GIVEN DATA:
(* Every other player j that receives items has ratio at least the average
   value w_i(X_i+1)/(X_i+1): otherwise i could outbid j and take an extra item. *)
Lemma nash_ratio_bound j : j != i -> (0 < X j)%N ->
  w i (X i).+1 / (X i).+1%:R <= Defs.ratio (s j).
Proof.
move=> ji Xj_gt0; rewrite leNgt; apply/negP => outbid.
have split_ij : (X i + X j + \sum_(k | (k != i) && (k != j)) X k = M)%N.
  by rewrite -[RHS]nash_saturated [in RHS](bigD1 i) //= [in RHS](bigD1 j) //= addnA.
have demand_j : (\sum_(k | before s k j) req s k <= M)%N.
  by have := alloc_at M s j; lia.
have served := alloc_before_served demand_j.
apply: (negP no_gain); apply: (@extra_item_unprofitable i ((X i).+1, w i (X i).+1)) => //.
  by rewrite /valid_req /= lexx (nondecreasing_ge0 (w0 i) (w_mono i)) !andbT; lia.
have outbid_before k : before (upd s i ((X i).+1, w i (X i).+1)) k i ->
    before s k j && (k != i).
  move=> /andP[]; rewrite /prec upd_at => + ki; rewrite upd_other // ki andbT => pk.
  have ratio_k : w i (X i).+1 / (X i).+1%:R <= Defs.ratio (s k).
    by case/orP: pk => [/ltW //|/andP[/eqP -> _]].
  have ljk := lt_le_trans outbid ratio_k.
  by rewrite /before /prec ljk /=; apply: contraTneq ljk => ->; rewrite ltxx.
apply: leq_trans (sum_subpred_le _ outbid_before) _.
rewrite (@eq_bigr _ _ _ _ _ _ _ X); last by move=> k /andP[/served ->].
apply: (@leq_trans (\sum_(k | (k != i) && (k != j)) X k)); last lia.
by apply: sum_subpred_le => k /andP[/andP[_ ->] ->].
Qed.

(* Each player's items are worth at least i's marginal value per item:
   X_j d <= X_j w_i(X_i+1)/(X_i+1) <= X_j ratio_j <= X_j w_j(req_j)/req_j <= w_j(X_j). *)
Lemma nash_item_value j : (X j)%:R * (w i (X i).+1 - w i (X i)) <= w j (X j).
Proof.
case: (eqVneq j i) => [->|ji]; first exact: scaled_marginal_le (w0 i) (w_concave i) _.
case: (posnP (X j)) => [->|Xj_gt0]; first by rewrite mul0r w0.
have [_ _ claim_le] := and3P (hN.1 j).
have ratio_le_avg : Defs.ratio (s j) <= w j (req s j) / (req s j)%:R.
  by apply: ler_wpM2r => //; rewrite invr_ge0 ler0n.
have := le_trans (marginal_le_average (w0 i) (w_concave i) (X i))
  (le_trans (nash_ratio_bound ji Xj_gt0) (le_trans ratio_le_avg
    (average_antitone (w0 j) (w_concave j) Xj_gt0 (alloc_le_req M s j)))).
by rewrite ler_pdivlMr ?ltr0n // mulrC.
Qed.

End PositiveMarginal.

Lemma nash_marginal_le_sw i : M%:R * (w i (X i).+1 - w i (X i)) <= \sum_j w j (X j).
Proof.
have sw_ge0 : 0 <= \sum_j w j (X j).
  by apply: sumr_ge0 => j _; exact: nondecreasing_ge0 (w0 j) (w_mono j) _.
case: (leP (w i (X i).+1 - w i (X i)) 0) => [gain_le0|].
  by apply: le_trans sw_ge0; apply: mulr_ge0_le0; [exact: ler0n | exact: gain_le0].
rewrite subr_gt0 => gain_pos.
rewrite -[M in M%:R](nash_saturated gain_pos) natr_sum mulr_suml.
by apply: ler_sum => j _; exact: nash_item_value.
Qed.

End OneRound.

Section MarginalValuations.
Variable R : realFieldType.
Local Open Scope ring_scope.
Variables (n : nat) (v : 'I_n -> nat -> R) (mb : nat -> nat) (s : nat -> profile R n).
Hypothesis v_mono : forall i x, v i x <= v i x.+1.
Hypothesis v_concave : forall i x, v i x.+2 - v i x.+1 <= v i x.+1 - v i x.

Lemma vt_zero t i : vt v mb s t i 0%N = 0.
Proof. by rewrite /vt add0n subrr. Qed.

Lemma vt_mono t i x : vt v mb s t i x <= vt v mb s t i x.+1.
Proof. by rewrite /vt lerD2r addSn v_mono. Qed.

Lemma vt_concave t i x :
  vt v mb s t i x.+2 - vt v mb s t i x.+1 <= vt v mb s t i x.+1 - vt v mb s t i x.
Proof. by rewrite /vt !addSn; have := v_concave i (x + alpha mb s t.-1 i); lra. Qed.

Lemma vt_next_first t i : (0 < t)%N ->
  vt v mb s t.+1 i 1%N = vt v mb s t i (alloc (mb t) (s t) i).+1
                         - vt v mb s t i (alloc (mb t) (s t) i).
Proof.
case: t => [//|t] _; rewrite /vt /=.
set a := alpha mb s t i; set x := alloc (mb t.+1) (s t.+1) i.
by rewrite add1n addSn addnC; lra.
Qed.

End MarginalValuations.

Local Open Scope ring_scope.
...
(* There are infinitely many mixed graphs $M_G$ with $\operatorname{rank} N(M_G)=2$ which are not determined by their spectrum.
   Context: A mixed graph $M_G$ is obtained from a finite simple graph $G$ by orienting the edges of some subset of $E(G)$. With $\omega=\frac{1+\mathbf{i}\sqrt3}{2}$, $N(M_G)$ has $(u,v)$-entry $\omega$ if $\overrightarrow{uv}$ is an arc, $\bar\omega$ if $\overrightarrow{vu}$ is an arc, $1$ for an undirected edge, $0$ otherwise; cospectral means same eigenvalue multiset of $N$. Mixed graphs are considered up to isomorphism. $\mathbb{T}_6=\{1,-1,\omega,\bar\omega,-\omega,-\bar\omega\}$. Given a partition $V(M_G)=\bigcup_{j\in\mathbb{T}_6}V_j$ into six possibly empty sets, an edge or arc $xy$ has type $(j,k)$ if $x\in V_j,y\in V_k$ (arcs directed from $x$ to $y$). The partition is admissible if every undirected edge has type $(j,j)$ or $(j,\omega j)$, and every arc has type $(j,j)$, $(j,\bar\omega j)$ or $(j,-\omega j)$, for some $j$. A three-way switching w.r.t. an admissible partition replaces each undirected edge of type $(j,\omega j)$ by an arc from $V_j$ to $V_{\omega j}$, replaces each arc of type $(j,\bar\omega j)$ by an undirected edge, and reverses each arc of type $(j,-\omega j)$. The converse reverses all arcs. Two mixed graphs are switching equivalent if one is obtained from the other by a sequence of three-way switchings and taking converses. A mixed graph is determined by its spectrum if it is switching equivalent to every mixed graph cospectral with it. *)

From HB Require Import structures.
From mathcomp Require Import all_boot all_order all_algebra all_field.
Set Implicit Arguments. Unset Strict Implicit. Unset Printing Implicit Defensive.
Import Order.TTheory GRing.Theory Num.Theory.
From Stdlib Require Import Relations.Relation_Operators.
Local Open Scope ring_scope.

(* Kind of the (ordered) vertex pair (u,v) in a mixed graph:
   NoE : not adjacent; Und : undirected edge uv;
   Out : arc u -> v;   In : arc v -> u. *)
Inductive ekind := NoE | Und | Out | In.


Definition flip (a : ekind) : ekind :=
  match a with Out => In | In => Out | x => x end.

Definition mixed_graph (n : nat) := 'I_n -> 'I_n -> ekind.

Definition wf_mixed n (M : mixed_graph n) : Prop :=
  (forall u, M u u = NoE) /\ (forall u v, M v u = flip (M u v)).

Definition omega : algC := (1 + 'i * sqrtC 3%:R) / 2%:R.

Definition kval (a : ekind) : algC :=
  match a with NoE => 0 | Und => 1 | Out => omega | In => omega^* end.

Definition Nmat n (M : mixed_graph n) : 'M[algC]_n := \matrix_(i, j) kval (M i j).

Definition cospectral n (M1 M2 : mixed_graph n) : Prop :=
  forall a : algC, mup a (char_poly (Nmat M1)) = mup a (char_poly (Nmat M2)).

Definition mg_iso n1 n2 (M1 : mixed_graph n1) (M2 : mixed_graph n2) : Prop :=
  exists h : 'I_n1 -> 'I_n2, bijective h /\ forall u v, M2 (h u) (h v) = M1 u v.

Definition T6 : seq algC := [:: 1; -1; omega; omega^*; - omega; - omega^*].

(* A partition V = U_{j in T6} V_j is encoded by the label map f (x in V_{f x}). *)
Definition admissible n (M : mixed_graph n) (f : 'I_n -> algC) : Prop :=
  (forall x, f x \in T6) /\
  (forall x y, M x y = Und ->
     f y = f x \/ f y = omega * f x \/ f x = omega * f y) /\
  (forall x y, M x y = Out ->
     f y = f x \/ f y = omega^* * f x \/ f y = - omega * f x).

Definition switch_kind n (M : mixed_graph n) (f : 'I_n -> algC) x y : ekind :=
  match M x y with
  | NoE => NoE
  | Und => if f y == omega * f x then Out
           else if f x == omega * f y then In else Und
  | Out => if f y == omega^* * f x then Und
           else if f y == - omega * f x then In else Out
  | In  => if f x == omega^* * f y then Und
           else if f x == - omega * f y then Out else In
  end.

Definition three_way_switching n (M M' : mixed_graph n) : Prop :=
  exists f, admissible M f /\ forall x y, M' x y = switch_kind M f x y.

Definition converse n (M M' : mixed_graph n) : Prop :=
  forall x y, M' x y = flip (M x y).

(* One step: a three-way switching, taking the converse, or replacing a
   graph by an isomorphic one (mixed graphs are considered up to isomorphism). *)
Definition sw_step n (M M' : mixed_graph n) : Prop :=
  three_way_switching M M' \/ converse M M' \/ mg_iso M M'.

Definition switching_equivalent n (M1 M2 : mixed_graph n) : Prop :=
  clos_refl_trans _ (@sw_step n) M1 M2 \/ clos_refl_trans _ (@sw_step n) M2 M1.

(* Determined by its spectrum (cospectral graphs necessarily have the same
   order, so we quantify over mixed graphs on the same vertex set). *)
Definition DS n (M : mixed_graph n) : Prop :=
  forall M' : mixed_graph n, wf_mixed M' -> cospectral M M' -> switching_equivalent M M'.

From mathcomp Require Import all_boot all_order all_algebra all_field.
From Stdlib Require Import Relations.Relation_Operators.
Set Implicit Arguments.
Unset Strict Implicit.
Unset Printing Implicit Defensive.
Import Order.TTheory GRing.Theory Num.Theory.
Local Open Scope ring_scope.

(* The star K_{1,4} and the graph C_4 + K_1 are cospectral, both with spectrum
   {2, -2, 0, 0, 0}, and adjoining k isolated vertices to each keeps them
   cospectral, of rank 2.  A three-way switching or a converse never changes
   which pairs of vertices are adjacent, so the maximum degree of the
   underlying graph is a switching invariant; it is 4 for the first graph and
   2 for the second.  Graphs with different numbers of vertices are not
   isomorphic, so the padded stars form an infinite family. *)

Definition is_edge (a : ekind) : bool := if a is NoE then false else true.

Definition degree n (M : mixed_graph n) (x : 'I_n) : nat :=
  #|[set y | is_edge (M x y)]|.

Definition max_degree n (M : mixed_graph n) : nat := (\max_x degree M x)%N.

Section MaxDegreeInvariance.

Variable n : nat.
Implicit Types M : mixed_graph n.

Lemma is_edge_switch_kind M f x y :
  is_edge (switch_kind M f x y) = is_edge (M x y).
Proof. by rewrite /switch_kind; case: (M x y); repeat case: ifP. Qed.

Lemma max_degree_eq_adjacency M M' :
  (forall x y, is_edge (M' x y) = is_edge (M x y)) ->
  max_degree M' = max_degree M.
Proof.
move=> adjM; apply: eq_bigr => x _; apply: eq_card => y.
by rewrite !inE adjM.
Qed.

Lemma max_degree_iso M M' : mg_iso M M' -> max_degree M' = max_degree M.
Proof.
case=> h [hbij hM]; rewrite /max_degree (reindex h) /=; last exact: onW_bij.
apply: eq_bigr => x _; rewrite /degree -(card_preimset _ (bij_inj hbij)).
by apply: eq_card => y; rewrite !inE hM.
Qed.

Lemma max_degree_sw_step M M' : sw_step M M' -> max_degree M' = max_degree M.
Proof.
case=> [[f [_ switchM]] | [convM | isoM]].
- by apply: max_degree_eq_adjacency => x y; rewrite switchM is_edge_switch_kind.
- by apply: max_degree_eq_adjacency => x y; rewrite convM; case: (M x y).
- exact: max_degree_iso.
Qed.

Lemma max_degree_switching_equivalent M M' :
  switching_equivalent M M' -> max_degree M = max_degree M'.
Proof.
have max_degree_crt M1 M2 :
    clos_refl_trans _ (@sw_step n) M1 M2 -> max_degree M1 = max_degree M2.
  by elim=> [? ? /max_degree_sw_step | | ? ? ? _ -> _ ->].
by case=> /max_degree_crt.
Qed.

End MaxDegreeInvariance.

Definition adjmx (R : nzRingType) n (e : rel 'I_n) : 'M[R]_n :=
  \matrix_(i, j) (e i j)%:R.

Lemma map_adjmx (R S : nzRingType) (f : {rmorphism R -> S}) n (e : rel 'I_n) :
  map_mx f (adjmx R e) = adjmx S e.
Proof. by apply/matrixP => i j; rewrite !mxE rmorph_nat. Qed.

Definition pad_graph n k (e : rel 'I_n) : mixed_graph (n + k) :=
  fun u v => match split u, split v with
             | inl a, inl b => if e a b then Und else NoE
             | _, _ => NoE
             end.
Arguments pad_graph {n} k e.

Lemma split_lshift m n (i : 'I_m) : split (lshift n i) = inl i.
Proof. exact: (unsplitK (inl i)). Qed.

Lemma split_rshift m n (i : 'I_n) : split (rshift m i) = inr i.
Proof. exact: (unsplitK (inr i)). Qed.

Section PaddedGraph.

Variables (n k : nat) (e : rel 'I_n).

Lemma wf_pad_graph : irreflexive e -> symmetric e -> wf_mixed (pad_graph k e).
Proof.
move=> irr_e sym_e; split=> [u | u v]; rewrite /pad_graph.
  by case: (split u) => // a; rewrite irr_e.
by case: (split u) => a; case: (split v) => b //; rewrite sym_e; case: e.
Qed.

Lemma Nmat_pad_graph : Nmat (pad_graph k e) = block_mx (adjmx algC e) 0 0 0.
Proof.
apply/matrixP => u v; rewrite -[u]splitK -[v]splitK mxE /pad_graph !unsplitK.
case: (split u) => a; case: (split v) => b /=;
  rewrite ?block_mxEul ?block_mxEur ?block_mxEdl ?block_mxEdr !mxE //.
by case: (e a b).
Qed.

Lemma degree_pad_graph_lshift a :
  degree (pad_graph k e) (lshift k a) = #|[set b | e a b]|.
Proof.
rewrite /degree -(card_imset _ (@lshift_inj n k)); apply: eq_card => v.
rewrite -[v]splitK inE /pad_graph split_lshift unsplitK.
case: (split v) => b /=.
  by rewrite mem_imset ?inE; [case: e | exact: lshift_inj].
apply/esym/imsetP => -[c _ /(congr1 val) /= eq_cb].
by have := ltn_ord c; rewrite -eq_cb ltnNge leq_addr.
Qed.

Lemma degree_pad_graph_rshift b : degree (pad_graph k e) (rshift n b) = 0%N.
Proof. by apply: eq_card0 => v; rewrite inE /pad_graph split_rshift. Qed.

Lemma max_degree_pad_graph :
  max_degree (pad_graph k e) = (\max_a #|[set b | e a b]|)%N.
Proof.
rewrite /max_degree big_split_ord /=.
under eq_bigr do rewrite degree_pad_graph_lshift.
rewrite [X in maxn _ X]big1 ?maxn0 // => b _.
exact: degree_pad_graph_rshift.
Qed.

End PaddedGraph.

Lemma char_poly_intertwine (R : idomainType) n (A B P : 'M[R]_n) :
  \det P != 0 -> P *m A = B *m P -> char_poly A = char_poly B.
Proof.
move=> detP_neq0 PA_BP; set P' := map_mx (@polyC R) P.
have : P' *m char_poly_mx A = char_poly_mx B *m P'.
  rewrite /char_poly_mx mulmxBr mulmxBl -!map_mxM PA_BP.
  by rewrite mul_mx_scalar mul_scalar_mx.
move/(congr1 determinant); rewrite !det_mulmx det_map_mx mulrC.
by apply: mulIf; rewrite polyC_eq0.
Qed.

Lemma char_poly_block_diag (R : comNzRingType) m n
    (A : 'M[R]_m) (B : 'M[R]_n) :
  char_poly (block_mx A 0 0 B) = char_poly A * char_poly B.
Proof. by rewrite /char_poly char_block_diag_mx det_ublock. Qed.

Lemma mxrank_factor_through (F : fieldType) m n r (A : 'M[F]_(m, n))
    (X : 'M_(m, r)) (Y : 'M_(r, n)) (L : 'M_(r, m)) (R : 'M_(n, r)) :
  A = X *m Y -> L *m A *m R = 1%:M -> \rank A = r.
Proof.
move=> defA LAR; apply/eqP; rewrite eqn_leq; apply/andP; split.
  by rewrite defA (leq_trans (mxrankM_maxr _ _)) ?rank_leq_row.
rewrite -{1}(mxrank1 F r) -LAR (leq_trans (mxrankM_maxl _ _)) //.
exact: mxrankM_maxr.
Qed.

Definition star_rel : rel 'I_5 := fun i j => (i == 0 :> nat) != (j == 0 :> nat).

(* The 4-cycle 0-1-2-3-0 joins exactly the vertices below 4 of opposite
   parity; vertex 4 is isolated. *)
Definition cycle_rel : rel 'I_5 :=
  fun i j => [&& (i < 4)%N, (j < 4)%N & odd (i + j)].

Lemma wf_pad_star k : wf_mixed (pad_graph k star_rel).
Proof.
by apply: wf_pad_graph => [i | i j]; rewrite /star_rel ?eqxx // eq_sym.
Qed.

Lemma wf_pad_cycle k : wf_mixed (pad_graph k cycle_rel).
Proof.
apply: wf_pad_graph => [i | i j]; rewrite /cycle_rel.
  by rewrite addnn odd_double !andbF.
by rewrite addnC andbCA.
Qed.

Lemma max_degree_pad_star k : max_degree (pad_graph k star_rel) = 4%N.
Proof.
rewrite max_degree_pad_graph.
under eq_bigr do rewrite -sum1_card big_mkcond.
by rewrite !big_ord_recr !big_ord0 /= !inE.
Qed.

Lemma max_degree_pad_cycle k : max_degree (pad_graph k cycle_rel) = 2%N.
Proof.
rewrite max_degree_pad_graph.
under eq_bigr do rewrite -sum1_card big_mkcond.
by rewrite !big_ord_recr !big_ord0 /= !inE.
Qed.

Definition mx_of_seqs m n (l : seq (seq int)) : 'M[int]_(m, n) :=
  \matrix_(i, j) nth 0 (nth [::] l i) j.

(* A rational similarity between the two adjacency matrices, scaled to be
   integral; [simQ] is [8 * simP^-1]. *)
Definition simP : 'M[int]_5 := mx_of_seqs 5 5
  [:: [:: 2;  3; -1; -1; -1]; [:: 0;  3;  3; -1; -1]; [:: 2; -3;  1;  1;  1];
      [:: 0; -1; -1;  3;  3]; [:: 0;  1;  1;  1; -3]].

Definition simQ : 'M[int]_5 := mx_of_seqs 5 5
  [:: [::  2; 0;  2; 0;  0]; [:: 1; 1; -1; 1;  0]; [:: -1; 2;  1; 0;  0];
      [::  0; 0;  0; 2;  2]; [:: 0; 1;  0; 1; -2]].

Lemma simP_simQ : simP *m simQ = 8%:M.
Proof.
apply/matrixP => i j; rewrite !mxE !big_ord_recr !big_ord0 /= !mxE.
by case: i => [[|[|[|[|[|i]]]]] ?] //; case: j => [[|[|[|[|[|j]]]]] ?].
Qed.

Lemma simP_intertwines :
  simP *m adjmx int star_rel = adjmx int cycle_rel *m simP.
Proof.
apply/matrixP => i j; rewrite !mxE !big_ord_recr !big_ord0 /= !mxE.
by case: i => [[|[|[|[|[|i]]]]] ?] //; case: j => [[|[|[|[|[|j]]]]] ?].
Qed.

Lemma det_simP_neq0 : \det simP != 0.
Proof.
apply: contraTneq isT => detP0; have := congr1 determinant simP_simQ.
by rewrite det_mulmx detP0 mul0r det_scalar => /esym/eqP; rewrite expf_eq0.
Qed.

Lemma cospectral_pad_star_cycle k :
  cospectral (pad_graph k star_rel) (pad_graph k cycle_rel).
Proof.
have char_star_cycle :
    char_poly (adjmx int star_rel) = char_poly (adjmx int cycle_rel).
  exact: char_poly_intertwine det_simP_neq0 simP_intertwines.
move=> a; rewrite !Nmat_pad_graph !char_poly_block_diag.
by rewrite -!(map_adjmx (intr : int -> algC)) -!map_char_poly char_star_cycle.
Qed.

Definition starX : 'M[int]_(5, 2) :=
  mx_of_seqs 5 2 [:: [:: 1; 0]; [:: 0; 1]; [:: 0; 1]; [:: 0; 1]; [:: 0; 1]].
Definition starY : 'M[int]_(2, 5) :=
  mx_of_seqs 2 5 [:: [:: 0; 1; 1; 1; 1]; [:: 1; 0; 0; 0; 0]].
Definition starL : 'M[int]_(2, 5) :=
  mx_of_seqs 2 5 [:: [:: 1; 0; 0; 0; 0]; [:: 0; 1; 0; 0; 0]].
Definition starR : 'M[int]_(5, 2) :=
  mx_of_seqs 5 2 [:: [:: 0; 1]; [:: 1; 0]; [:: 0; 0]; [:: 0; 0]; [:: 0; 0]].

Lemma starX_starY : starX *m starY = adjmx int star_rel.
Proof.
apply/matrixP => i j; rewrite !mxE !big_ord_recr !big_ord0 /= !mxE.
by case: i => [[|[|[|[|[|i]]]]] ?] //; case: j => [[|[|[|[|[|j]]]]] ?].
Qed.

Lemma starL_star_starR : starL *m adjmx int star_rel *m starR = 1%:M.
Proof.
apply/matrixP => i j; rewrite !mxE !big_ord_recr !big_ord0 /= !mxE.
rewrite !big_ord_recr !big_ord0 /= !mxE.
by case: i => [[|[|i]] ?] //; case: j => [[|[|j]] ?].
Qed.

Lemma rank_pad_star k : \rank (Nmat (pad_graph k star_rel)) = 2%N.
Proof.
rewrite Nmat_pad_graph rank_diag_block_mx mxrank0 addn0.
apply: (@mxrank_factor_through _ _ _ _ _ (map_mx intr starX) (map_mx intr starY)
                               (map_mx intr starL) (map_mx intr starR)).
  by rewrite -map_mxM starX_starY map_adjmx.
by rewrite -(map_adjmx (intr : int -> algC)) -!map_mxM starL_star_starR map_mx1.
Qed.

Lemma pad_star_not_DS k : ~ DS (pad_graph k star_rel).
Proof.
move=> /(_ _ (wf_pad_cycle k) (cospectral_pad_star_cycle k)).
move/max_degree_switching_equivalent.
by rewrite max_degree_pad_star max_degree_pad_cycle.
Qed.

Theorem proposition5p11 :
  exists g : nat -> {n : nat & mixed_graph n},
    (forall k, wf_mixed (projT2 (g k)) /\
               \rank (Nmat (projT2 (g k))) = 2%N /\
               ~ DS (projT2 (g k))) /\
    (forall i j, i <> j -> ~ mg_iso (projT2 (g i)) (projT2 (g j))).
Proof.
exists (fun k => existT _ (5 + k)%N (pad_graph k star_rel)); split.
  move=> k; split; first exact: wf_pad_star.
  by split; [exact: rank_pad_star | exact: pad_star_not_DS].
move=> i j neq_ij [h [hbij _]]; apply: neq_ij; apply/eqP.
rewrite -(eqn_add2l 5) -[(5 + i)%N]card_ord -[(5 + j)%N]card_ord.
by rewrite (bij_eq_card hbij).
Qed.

REQUIREMENT: Pick out, from the lines above, every one that contains the string "unsplitK".

TASK ANSWER:
Proof. exact: (unsplitK (inl i)). Qed.
Proof. exact: (unsplitK (inr i)). Qed.
apply/matrixP => u v; rewrite -[u]splitK -[v]splitK mxE /pad_graph !unsplitK.
rewrite -[v]splitK inE /pad_graph split_lshift unsplitK.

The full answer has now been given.